Shida · October 31, 2019, 1:16am

Time

2019/10/28 4:30 PM -6:30 PM ET (2 hours)

Issue

During the above time windows, Dynalist’s webpage was unreachable and unable to sync. Users would observe 5xx errors and requests would timeout.

Details

Our hosting provider had a major networking outage.
Below is the official post-mortem from our hosting provider:

OFFICIAL RFO - 10/28/2019

Summary of Incident:

———————————————

Yesterday, Monday October 28th 2019, at approximately 4:23pm portions of customers in our TPA1, TPA2 and DAL1 data centers experienced a loss of network that lasted anywhere from a few minutes to a few hours depending on your server(s) location. The cause of the issue has been identifed and is as follows:

At roughly 4:23pm one of our Network Engineers applied a policy update to our DAL1 edge routers. This policy update was incomplete which led to the full internet routing table being propogated throughout the aggreagation layer of DAL1. This mistake was further exacerbated when that full routing table was automatically injected into the Hivelocity DDoS protection network resulting in the full routing table being distributed to other Hivelocity facilities, i.e. TPA1 and TPA2. The full internet routing table injection led to multiple network devices having their resources exhausted which ultimately led to the network disuption. Once our Network Engineers identified the cause of the issue we began reloading each of the affected network devices to correct the problem. Ultimately, yesterday’s network event was a result of human error.

Service Impact Times:

———————————————
October 28th, 4:23pm - 6:44pm EST

Remediation Plans:

———————————————

We have implemented new router policies that will prevent full route tables being similarly propogated should human error ever occur again.
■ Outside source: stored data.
(* Let $(\mathbf a,\mathbf b)$ be a binary GCP of length $N$ of one of the following three kinds: (i) $N=10^\beta$ ($\beta\ge1$), obtained as $(\mathbf e_0,\mathbf f_0)=K_{10}$, $(\mathbf e_i,\mathbf f_i)=\mathrm{Turyn}(K_{10},(\mathbf e_{i-1},\mathbf f_{i-1}))$; set $Z=4N/10+1$; (ii) $N=26^\gamma$ ($\gamma\ge1$), obtained as $(\mathbf e_0,\mathbf f_0)=K_{26}$, $(\mathbf e_i,\mathbf f_i)=\mathrm{Turyn}(K_{26},(\mathbf e_{i-1},\mathbf f_{i-1}))$; set $Z=12N/26+1$; (iii) $N=10^\beta26^\gamma$ ($\beta\ge0$, $\gamma\ge1$), obtained as $(\mathbf e_0,\mathbf f_0)=K_{26}$, $(\mathbf e_i,\mathbf f_i)=\mathrm{Turyn}(\mathcal A_i,(\mathbf e_{i-1},\mathbf f_{i-1}))$ with each $\mathcal A_i\in\{K_{10},K_{26}\}$; set $Z=12N/26+1$. Let $(\mathbf c,\mathbf d)=(\overleftarrow{\mathbf b},-\overleftarrow{\mathbf a})$, $\mathbf e=(\mathbf a\|\mathbf c)$, $\mathbf f=(\mathbf b\|\mathbf d)$, and for $x_0,y_0,x_1,y_1\in\mathbb U_q$ let $\mathbf g=(x_0,e_0,\dots,e_{2N-1},y_0)$, $\mathbf h=(x_1,f_0,\dots,f_{2N-1},y_1)$. If $x_0-\overline{y_1}=0$, $x_1+\overline{y_0}=0$, $x_0=x_1$ and $\overline{y_0}=-\overline{y_1}$, then $(\mathbf g,\mathbf h)$ is a $(2N+2,Z)$-CZCP.
   Context: $q\ge2$ is an integer and $\mathbb U_q=\{e^{2\pi\sqrt{-1}t/q}:0\le t<q\}$. $\overleftarrow{\mathbf a}$ denotes the reversal of $\mathbf a$; $\|$ denotes concatenation. A binary GCP of length $N$ is a pair of $\pm1$ sequences with $\rho_{\mathbf a}(\tau)+\rho_{\mathbf b}(\tau)=0$ for all $\tau\neq0$. Kernels (with $+=1$, $-=-1$; first row $\mathbf a$, second row $\mathbf b$): $K_{10}=(++-+-+--++,\;++-+++++--)$; $K_{26}=(++++-++--+-+-+--+-+++--+++,\;++++-++--+-+++++-+---++---)$. Turyn's method: for binary GCPs $\mathcal A=(\mathbf a,\mathbf b)$ of length $N$ and $\mathcal B=(\mathbf c,\mathbf d)$ of length $M$, $\mathrm{Turyn}(\mathcal A,\mathcal B)=(\mathbf e,\mathbf f)$ of length $MN$ with $\mathbf e=\mathbf c\otimes\frac{\mathbf a+\mathbf b}2-\overleftarrow{\mathbf d}\otimes\frac{\mathbf b-\mathbf a}2$, $\mathbf f=\mathbf d\otimes\frac{\mathbf a+\mathbf b}2+\overleftarrow{\mathbf c}\otimes\frac{\mathbf b-\mathbf a}2$, where $\mathbf u\otimes\mathbf v=(u_0\mathbf v,u_1\mathbf v,\dots)$. Aperiodic correlation: for complex sequences of length $N$, $\rho_{\mathbf a,\mathbf b}(\tau)=\sum_{k=0}^{N-1-\tau}a_k\overline{b_{k+\tau}}$ for $0\le\tau\le N-1$, $\rho_{\mathbf a,\mathbf b}(\tau)=\sum_{k=0}^{N-1+\tau}a_{k-\tau}\overline{b_k}$ for $-(N-1)\le\tau\le-1$, $0$ otherwise; $\rho_{\mathbf a}=\rho_{\mathbf a,\mathbf a}$. CZCP: with $\mathcal T_1=\{1,\dots,Z\}$, $\mathcal T_2=\{N-Z,\dots,N-1\}$, a pair of length-$N$ sequences is an $(N,Z)$-CZCP if $\rho_{\mathbf a}(\tau)+\rho_{\mathbf b}(\tau)=0$ for all $|\tau|\in\mathcal T_1\cup\mathcal T_2$ and $\rho_{\mathbf a,\mathbf b}(\tau)+\rho_{\mathbf b,\mathbf a}(\tau)=0$ for all $|\tau|\in\mathcal T_2$. *)

From HB Require Import structures.
From mathcomp Require Import all_boot all_order all_algebra all_field.
Set Implicit Arguments. Unset Strict Implicit. Unset Printing Implicit Defensive.
Import Order.TTheory GRing.Theory Num.Theory.
Local Open Scope ring_scope.

(* U_q = { e^{2 pi i t / q} : 0 <= t < q } = the set of q-th roots of unity *)
Definition Uq (q : nat) : pred algC := fun z => z ^+ q == 1.

Definition spair := (seq algC * seq algC)%type.

Definition seqsub (u v : seq algC) : seq algC := [seq p.1 - p.2 | p <- zip u v].
Definition seqopp (u : seq algC) : seq algC := [seq - x | x <- u].

Definition kron (u v : seq algC) : seq algC :=
  flatten [seq [seq x * y | y <- v] | x <- u].

Definition turyn (A B : spair) : spair :=
  let: (a, b) := A in
  let: (c, d) := B in
  let s := [seq (p.1 + p.2) / 2 | p <- zip a b] in
  let t := [seq (p.2 - p.1) / 2 | p <- zip a b] in
  (seqsub (kron c s) (kron (rev d) t),
   [seq p.1 + p.2 | p <- zip (kron d s) (kron (rev c) t)]).

Definition pm (s : seq int) : seq algC := [seq z%:~R | z <- s].

Definition K10 : spair :=
  (pm [:: 1; 1; -1; 1; -1; 1; -1; -1; 1; 1],
   pm [:: 1; 1; -1; 1; 1; 1; 1; 1; -1; -1]).

Definition K26 : spair :=
  (pm [:: 1; 1; 1; 1; -1; 1; 1; -1; -1; 1; -1; 1; -1; 1; -1; -1; 1; -1; 1; 1; 1; -1; -1; 1; 1; 1],
   pm [:: 1; 1; 1; 1; -1; 1; 1; -1; -1; 1; -1; 1; 1; 1; 1; 1; -1; 1; -1; -1; -1; 1; 1; -1; -1; -1]).

Definition turyn_chain (init : spair) (s : seq bool) : spair :=
  foldl (fun acc (c : bool) => turyn (if c then K10 else K26) acc) init s.

Definition rho (a b : seq algC) (tau : int) : algC :=
  let N := size a in
  match tau with
  | Posz t => \sum_(k < N - t) a`_k * (b`_(k + t))^*
  | Negz _ => let t := `|tau|%N in \sum_(k < N - t) a`_(k + t) * (b`_k)^*
  end.

Definition CZCP (N Z : nat) (a b : seq algC) : Prop :=
  [/\ size a = N, size b = N,
      (forall tau : int,
          ((1 <= `|tau|%N <= Z) || (N - Z <= `|tau|%N <= N - 1))%N ->
          rho a a tau + rho b b tau = 0) &
      (forall tau : int, (N - Z <= `|tau|%N <= N - 1)%N ->
          rho a b tau + rho b a tau = 0)].

From HB Require Import structures.
From mathcomp Require Import all_boot all_order all_algebra all_field.
From mathcomp Require Import ring zify.
Set Implicit Arguments.
Unset Strict Implicit.
Unset Printing Implicit Defensive.

Import Order.TTheory GRing.Theory Num.Theory.
Local Open Scope ring_scope.

(* A sequence u is identified with the polynomial Poly u; the aperiodic correlations of g and h
   are then the coefficients of Poly g * Poly (conj (rev h)), which is Poly g * Poly (rev h)
   when h is real.

   The sum of the autocorrelation polynomials of Turyn(A, B) is, up to a factor 1/2 and the
   substitution X := X^n (n the length of A) in B's, the product of those of A and B
   ([acorr_kron_pair]), so it maps real Golay pairs to real Golay pairs.  If the two sequences of
   B agree on their first p entries and are opposite on their last p entries, those of Turyn(A, B)
   do so for n p entries.  For K10 and K26 one has p = 4 and p = 12, so every pair of the three
   families has p = 4N/10, resp. 12N/26, i.e. Z = p + 1.

   For the extended pair (g, h), with A, B the polynomials of a, b, the sum of the
   autocorrelation polynomials is 2x X (B - A) modulo monomials of degree > 2N (the Golay
   property collapses Poly a * Poly (rev a) + Poly b * Poly (rev b) into a single monomial,
   of degree 2N + 1 after the shifts), and the sum of the cross-correlation polynomials is
   X^2 (B - A)(B + A) modulo monomials of degree > N.
   Since B - A has no coefficients below p, nor from N on, the correlations vanish on both
   zero-correlation zones. *)

Section PolySeq.
Variable R : comNzRingType.
Implicit Types (x c al be : R) (u v s : seq R).

Lemma Poly_cons x s : Poly (x :: s) = x%:P + 'X * Poly s.
Proof. by rewrite /= cons_poly_def addrC mulrC. Qed.
Lemma cont_q_ltSS n : (0 < n)%N -> cont_q c n.+1 < cont_q c n.+2.
Proof.
case: n => [//|n] _; rewrite [cont_q c n.+3]cont_qSS.
by have := c_pos n.+2 isT; have := cont_q_gt0 n; have := cont_q_ge0 n.+2; nia.
Qed.

Lemma cont_q_bracket k (m : nat) : cont_q c k <= m%:Z ->
  exists2 i, (k <= i)%N & cont_q c i <= m%:Z < cont_q c i.+1.
Proof.
move=> qk_le.
have bounded i : cont_q c i <= m%:Z -> (i <= m.+1)%N.
  by case: i => [//|i] qi_le; have := cont_q_ge_index i; lia.
case: (ex_maxnP (ex_intro _ k qk_le) bounded) => i qi_le max_i.
exists i; first exact: max_i.
by rewrite qi_le ltNge; apply/negP => /max_i; rewrite ltnn.
Qed.

End PositiveQuotients.

Lemma cont_q_shift c n : cont_q c n.+1 = cont_p (c \o S) n.
Proof.
elim/nat_ind2: n => [||n IH0 IH1]; first by [].
  by rewrite /=; ring.
by rewrite cont_qSS cont_pSS IH0 IH1.
Qed.

Lemma cont_p_shift c n :
  cont_p c n.+1 = (c 0%N)%:Z * cont_p (c \o S) n + cont_q (c \o S) n.
Proof.
elim/nat_ind2: n => [||n IH0 IH1]; rewrite /=; try ring.
by rewrite cont_pSS IH0 IH1 [cont_p _ n.+2]cont_pSS [cont_q _ n.+2]cont_qSS /=; ring.
Qed.

Lemma cf_val_cons a l : l != [::] -> cf_val (a :: l) = a%:R + (cf_val l)^-1.
Proof. by case: l. Qed.

Lemma convergent_shift c n :
  convergent c n.+1 = (c 0%N)%:R + (convergent (c \o S) n)^-1.
Proof.
rewrite /convergent -cf_val_cons //.
have -> : iota 0 n.+2 = 0%N :: iota (1 + 0) n.+1 by [].
by rewrite iotaDl map_cons -map_comp.
Qed.

Lemma cont_p_gt0 c n : (forall i, (0 < c i)%N) -> 0 < cont_p c n.
Proof.
move=> c_pos; case: n => [//|n].
have c0_ge1 : 1 <= (c 0%N)%:Z by rewrite lez_nat c_pos.
have [_ _ p_ge] := @continuant_ge c 1 (c 0%N)%:Z (fun i _ => c_pos i)
  (ltac:(by rewrite ler01 c0_ge1)) n.
exact: lt_le_trans ltr01 (le_trans c0_ge1 p_ge).
Qed.

Lemma convergentE c n : positive_quotients c ->
  convergent c n = (cont_p c n.+1)%:~R / (cont_q c n.+1)%:~R.
Proof.
elim: n c => [|n IH] c c_pos; first by rewrite /convergent /= divr1.
have cS_pos i : (0 < (c \o S) i)%N by exact: c_pos.
have pS_neq0 : (cont_p (c \o S) n.+1)%:~R != 0 :> rat.
  by rewrite intr_eq0 gt_eqF // cont_p_gt0.
rewrite convergent_shift IH // [cont_p c _]cont_p_shift [cont_q c _]cont_q_shift.
by rewrite invf_div intrD intrM pmulrn; field.
Qed.

Lemma cont_coprime c n : coprime `|cont_p c n.+1| `|cont_q c n.+1|.
Proof.
rewrite -coprimezE; apply/coprimezP.
exists ((-1) ^+ n.+1 * cont_q c n, - (-1) ^+ n.+1 * cont_p c n) => /=.
transitivity ((-1) ^+ n.+1 * (cont_p c n.+1 * cont_q c n - cont_p c n * cont_q c n.+1)).
  by ring.
by rewrite cont_det -exprMn mulrNN mulr1 expr1n.
Qed.

Lemma cf_pE c n : positive_quotients c -> cf_p c n = cont_p c n.+1.
Proof.
move=> c_pos; rewrite /cf_p convergentE // coprimeq_num ?cont_coprime //.
by rewrite gtr0_sg ?mul1r // cont_q_gt0.
Qed.

Lemma cf_qE c n : positive_quotients c -> cf_q c n = cont_q c n.+1.
Proof.
move=> c_pos; rewrite /cf_q convergentE // coprimeq_den ?cont_coprime //.
by rewrite gt_eqF ?gtr0_norm // cont_q_gt0.
Qed.

Lemma cont_cross_ge0 c j k :
  0 <= (-1) ^+ j.+1 * (cont_p c (j + k) * cont_q c j - cont_p c j * cont_q c (j + k)).
Proof.
elim/nat_ind2: k => [||k IH0 IH1]; first by rewrite addn0 subrr mulr0.
  by rewrite addn1 (cont_det c j) -exprMn mulrNN mulr1 expr1n.
rewrite !addnS cont_pSS cont_qSS; rewrite addnS in IH1.
have := leq0n (c (j + k).+1); nia.
Qed.

Lemma cont_cross_SS c j :
  cont_p c j.+2 * cont_q c j - cont_p c j * cont_q c j.+2 = (-1) ^+ j.+1 * (c j.+1)%:Z.
Proof. by rewrite cont_pSS cont_qSS -(cont_det c j); ring. Qed.

Lemma sign_double {T : pzRingType} a : (-1) ^+ (2 * a)%N = 1 :> T.
Proof. by rewrite exprM sqrrN !expr1n. Qed.

Lemma sign_doubleS {T : pzRingType} a : (-1) ^+ (2 * a).+1 = -1 :> T.
Proof. by rewrite exprS sign_double mulr1. Qed.

Lemma sign_doubleSS {T : pzRingType} a : (-1) ^+ (2 * a).+2 = 1 :> T.
Proof. by rewrite exprS sign_doubleS mulrNN mulr1. Qed.

Section ConvergentsAndValue.
Context {R : realType} {c : nat -> nat} {gamma : R}.
Context (c_pos : positive_quotients c) (c_gamma : cf_value c gamma).

Lemma ratr_convergent n :
  ratr (convergent c n) = (cont_p c n.+1)%:~R / (cont_q c n.+1)%:~R :> R.
Proof. by rewrite convergentE // fmorph_div /= !ratr_int. Qed.

Lemma ratr_convergent_sub n N :
  ratr (convergent c N) - ratr (convergent c n) =
  (cont_p c N.+1 * cont_q c n.+1 - cont_p c n.+1 * cont_q c N.+1)%:~R
    / (cont_q c N.+1 * cont_q c n.+1)%:~R :> R.
Proof.
have qN := cont_q_gt0 c_pos N; have qn := cont_q_gt0 c_pos n.
rewrite !ratr_convergent rmorphB !rmorphM /=; field.
by rewrite !intr_eq0 !gt_eqF.
Qed.

Lemma convergent_even_le a k :
  ratr (convergent c (2 * a)) <= ratr (convergent c (2 * a + k)) :> R.
Proof.
rewrite -subr_ge0 ratr_convergent_sub divr_ge0 // ?ler0z.
  by have := cont_cross_ge0 c (2 * a).+1 k; rewrite sign_doubleSS mul1r addSn.
by rewrite mulr_ge0 // ltW // cont_q_gt0.
Qed.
Additionally, we have introduced additional review protocols to minimize the chance of human error occuring.

For years most of our customers have experienced 100% uptime due to our redundancies and nearly 2 decades of experience. We take our responsbility to you very seriously and no one hates it more than us when we fall short of our goals. We are deeply sorry for the inconvenience and any negative impact this disruption had on your operation.
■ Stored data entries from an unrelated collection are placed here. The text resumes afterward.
Lemma ae_xi_in01 {R : realType} {d : measure_display} {T : measurableType d}
    (P : probability T R) (xi : nat -> T -> R) :
  (forall t, measurable_fun setT (xi t)) ->
  (forall t (A : set R), measurable A -> P (xi t @^-1` A) = U01 A) ->
  \forall w \ae P, forall t, `[0, 1]%classic (xi t w).
Proof.
move=> mxi xiU; apply: ae_foralln => t.
have mC : measurable (~` `[0, 1]%classic : set R).
  by apply: measurableC; exact: measurable_itv.
exists (xi t @^-1` ~` `[0, 1]%classic); split.
- by rewrite -[X in measurable X]setTI; exact: mxi.
- apply: eq_trans (xiU t _ mC) _.
  rewrite (@eq_U01 _ _ set0); first by rewrite /U01; exact: measure0.
  by rewrite setICl set0I.
- by move=> w.
Qed.

Section weak_degeneracy.
Context {R : realType} {d : measure_display} {T : measurableType d}
  (P : probability T R) (f : R * R -> R) (mu0 : R) (xi : nat -> T -> R) (mc : R).
Hypothesis mf : measurable_fun setT f.
Hypothesis mxi : forall t, measurable_fun setT (xi t).
Hypothesis xiU : forall t (A : set R), measurable A -> P (xi t @^-1` A) = U01 A.
Hypothesis indep : mutually_independent P xi.
Hypothesis cont :
  forall m : R, {for (m, 0), continuous (fun p : R * R => Fcdf f p.1 p.2)}.
Hypothesis Fup : forall m, mc <= m -> Fcdf f m 0 < 1.
Hypothesis Flo : forall m, m <= mc -> 0 < Fcdf f m 0.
To everyone who was impacted, we’re deeply sorry for the inconvenience!

Louis_Kirsch · October 31, 2019, 9:46am

Didn’t you transition to AWS?

Shida · October 31, 2019, 5:13pm

No, our last migration was moving from VM based hosting (DigitalOcean) to dedicated servers (Hivelocity). Currently, dynalist’s main servers own their whole physical machines as opposed to before where we were sharing the CPU with other customers on DigitalOcean.

Justin_Maxwell · November 4, 2019, 12:47am

A philosophical point (just 'cos it’s one of my hobbyhorses - nothing to do with Dynalist really):

There’s a logically cohesive, academic argument that there is no such thing as ‘human error’, because it’s always a failure in the system that allows the human factor to cause the problem. This is evidenced by your hosting provider putting in place system-level changes to prevent a recurrence. Of course, the prior lack of such policies can be argued to mean there was human error further up the management chain of the hosting provider over an extended period of time. But blaming the engineer’s human failure is an effective deflection.

The thinking arises mostly from the nuclear power industry, where the idea that an error by an individual could have a dangerous outcome is anathema to safety.